United States District Court, E.D. Michigan, Northern Division

January 30, 2018

Loabat Amiri, Mohammed Amin Latif, Farbod Latif, Plaintiffs,
ing LemoJohn Kelly, Secretary, U.S. Department John Kelly, Secretary, U.S. Department of Homeland Security, in his official capacity; Rex W. Tillerson, Secretary U.S. Department of State, in his official Capacity; Acting Commissioner Kevin K. McAleenan, Customs and B Protection, in his official capacity; Andrew McCabe, Director, Federal Bureau of Investigations, in his official capacity; Michael S. Rogers, Director, National Security Agency, in his official capacity; Nicholas J. Rasmussen, Director, National Counter Terrorism Center, in his official capacity; Dan Coats, Director of Office of the Director of National Intelligence, in his official capacity; Christopher M. Piehota, Director, Terrorist Screening Center, in his official capacity; Unidentified FBI Agents, jointly and severally; Unidentified TSC agents, jointly and severally, Unidentified CBP agents, jointly and severally. Defendants.

          Patricia T. Morris, Mag. Judge



         On October 5, 2017, Plaintiffs Loabat Amiri (Amiri), her husband Mohamed Amin Latif (Latif), and their son Farbod Latif (Farbod), filed an amended complaint challenging the denial of Latif's visa, and challenging Amiri and Latif's placement on a terrorist watch list.

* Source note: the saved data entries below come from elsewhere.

(* Under the standing assumptions (A1)–(A6) below, the aNETT regularizer $\mathcal R\colon \mathbb X\to[0,\infty]$, $\mathcal R(x)=\psi(\mathbf E(x))+\frac{c}{2}\|x-\mathbf D(\mathbf E(x))\|^2$, is coercive.
   Context: Standing assumptions (A1)–(A6): (A1) $\mathbb X,\mathbb Y$ are real Hilbert spaces; (A2) $\Xi=\ell^2(\Lambda)$ for a countable index set $\Lambda$; (A3) $\mathbf K\colon\mathbb X\to\mathbb Y$ is (possibly nonlinear and) weakly sequentially continuous; (A4) the encoder $\mathbf E\colon\mathbb X\to\Xi$ is weakly sequentially continuous; (A5) the decoder $\mathbf D\colon\Xi\to\mathbb X$ is weakly sequentially continuous; (A6) $\psi\colon\Xi\to[0,\infty]$ is coercive and weakly sequentially lower semicontinuous. A constant $c>0$ is fixed. A functional $F\colon H\to[0,\infty]$ on a normed space is called coercive if every sequence $(x_n)$ with $(F(x_n))_n$ bounded is itself bounded in norm. *)

From Stdlib Require Import Reals Lra List.
Open Scope R_scope.

Record Hilbert := {
  hcar :> Type;
  hadd : hcar -> hcar -> hcar;
  hopp : hcar -> hcar;
  hzero : hcar;
  hscal : R -> hcar -> hcar;
  hinner : hcar -> hcar -> R;
  hadd_assoc : forall x y z, hadd x (hadd y z) = hadd (hadd x y) z;
  hadd_comm : forall x y, hadd x y = hadd y x;
  hadd_zero : forall x, hadd x hzero = x;
  hadd_opp : forall x, hadd x (hopp x) = hzero;
  hscal_one : forall x, hscal 1 x = x;
  hscal_assoc : forall a b x, hscal a (hscal b x) = hscal (a * b) x;
  hscal_distr_l : forall a x y, hscal a (hadd x y) = hadd (hscal a x) (hscal a y);
  hscal_distr_r : forall a b x, hscal (a + b) x = hadd (hscal a x) (hscal b x);
  hinner_sym : forall x y, hinner x y = hinner y x;
  hinner_add_l : forall x y z, hinner (hadd x y) z = hinner x z + hinner y z;
  hinner_scal_l : forall a x y, hinner (hscal a x) y = a * hinner x y;
  hinner_pos : forall x, 0 <= hinner x x;
  hinner_def : forall x, hinner x x = 0 -> x = hzero;
  hcomplete : forall u : nat -> hcar,
    (forall eps, 0 < eps -> exists N, forall m n, (N <= m)%nat -> (N <= n)%nat ->
        sqrt (hinner (hadd (u m) (hopp (u n))) (hadd (u m) (hopp (u n)))) < eps) ->
    exists x, forall eps, 0 < eps -> exists N, forall n, (N <= n)%nat ->
        sqrt (hinner (hadd (u n) (hopp x)) (hadd (u n) (hopp x))) < eps
}.

Arguments hadd {h}. Arguments hopp {h}. Arguments hzero {h}.
Arguments hscal {h}. Arguments hinner {h}.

ECF No. 1. The amended complaint contains ten counts, alleging violations of the Immigration and Nationality Act of 1965 (INA), the Administrative Procedure Act (APA), and various constitutional provisions including Article 1 section 9 (Bill of Attainder) as well as amendments 1 (free exercise), 5 (equal protection, due process) and 6 (confrontation clause). The amended complaint names 9 official capacity defendants who are the heads of various executive departments and agencies including the Department of Homeland Security (DHS), the Department of State (DOS), Customs and Border Protection (CBP), Federal Bureau of Investigation (FBI), National Security Agency (NSA), National Counterterrorist Center (NCTC), Office of the Director of National Intelligence (ODNI), and the Terrorist Screening Center (TSC). The amended complaint also names unidentified agents of the FBI, TSC, and CBP. Defendants moved to dismiss the amended complaint on October 19, 2017. ECF No. 20.



         Plaintiff Dr. Loabat Amiri (Amiri) is an endocrinologist currently residing in Midland, Michigan. She is a permanent resident of the United States. She is also a citizen of Great Britain and a citizen and national of Iran. She is married to Plaintiff Mohammad Amin Latif (Latif), who is a citizen and national of Great Britain, where he currently resides. Plaintiff Latif has been designated as a Freeman of London, a Master of the Meridian Greenwich Lodge, and a Livery Man of the City of London. Amiri and Latif have a 20 year old son, Plaintiff Farbod Latif (Farbod), who is a United States citizen by birth currently residing in Midland. They also have a 10-year old daughter.

         In August 2006, Amiri entered the U.S. on an H-1B visa for a medical residency at Metro Health Medical Center in Cleveland, Ohio. An H-1B is a visa issued to non-immigrants coming to the U.S. temporarily to perform work in specialized fields. She later transferred to the Henry Ford Health System in Michigan. Amiri's family entered the U.S. under H-4 visas, issued to immediate family members of H-1B visa holders. In early 2009 they requested and received visa extensions and were fingerprinted and checked through various databases. Plaintiffs periodically travelled to and from Europe without incident.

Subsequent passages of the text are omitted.